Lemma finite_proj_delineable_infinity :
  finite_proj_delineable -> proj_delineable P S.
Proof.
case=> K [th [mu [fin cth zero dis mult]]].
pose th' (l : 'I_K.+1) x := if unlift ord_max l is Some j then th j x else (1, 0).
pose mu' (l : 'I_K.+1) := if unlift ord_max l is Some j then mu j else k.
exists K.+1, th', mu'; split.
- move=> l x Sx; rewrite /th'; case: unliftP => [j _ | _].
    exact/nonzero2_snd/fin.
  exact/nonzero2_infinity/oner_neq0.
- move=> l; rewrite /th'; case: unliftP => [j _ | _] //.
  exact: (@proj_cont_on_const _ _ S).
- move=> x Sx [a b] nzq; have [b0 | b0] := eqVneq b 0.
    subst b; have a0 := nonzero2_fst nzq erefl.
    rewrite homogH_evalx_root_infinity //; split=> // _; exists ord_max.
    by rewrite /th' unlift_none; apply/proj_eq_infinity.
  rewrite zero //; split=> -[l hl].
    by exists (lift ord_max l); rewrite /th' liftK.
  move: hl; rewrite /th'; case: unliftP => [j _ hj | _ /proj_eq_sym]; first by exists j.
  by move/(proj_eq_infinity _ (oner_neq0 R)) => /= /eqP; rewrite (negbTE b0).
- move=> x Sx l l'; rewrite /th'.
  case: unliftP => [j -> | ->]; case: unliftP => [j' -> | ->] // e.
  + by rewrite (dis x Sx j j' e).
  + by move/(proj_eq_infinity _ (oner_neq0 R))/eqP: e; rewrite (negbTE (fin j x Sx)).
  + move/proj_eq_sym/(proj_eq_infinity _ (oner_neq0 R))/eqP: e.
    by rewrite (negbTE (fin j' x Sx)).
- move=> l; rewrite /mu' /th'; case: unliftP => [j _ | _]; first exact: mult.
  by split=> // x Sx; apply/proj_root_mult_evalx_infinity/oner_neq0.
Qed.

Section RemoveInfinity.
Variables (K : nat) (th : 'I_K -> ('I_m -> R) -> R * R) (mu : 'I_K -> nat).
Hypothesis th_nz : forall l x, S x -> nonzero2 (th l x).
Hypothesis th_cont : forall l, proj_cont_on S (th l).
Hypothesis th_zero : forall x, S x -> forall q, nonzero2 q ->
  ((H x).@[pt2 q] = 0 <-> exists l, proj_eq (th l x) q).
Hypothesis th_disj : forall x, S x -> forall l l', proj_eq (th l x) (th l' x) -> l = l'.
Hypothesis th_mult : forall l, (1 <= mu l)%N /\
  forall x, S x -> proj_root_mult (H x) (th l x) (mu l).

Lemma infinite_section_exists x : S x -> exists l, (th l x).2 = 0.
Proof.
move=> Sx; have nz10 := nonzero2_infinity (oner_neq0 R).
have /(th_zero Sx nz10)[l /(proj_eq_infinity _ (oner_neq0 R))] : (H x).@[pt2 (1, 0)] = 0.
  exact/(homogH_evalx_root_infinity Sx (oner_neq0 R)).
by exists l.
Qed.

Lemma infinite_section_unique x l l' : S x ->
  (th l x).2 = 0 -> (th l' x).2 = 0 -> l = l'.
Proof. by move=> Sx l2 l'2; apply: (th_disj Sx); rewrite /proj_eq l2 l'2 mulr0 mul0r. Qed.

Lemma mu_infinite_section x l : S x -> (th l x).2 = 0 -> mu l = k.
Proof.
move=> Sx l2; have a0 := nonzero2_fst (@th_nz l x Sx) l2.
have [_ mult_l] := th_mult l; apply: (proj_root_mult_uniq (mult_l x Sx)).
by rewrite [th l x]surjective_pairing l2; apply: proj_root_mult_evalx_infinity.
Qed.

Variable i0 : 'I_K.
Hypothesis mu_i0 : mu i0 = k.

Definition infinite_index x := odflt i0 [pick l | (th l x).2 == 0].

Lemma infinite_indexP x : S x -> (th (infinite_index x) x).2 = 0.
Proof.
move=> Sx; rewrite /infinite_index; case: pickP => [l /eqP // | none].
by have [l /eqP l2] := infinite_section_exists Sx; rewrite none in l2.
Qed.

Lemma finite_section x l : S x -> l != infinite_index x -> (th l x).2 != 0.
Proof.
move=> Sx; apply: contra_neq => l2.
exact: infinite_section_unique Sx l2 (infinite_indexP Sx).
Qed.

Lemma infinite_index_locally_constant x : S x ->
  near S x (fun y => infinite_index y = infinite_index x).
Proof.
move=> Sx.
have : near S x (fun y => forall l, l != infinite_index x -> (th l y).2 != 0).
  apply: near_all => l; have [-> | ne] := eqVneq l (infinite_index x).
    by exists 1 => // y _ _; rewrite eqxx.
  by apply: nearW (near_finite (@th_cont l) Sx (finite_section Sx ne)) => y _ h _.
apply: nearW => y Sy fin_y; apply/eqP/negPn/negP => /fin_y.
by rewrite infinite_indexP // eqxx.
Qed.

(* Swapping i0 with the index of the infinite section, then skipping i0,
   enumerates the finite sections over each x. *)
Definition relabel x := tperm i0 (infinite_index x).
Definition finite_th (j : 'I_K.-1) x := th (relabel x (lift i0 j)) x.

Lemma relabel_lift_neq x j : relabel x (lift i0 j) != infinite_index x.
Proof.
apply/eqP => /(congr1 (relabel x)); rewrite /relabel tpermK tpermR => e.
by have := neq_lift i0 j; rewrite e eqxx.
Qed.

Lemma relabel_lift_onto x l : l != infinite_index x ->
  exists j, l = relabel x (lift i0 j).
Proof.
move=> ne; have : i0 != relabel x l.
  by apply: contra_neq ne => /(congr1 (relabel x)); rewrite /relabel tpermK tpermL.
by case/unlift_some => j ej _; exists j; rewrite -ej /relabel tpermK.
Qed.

WHAT THIS TASK INVOLVES>
Show every line from the entries above in which the word "nearW" appears.

RESPONSE TO THIS EXERCISE>
  by apply: nearW (near_finite (@th_cont l) Sx (finite_section Sx ne)) => y _ h _.
apply: nearW => y Sy fin_y; apply/eqP/negPn/negP => /fin_y.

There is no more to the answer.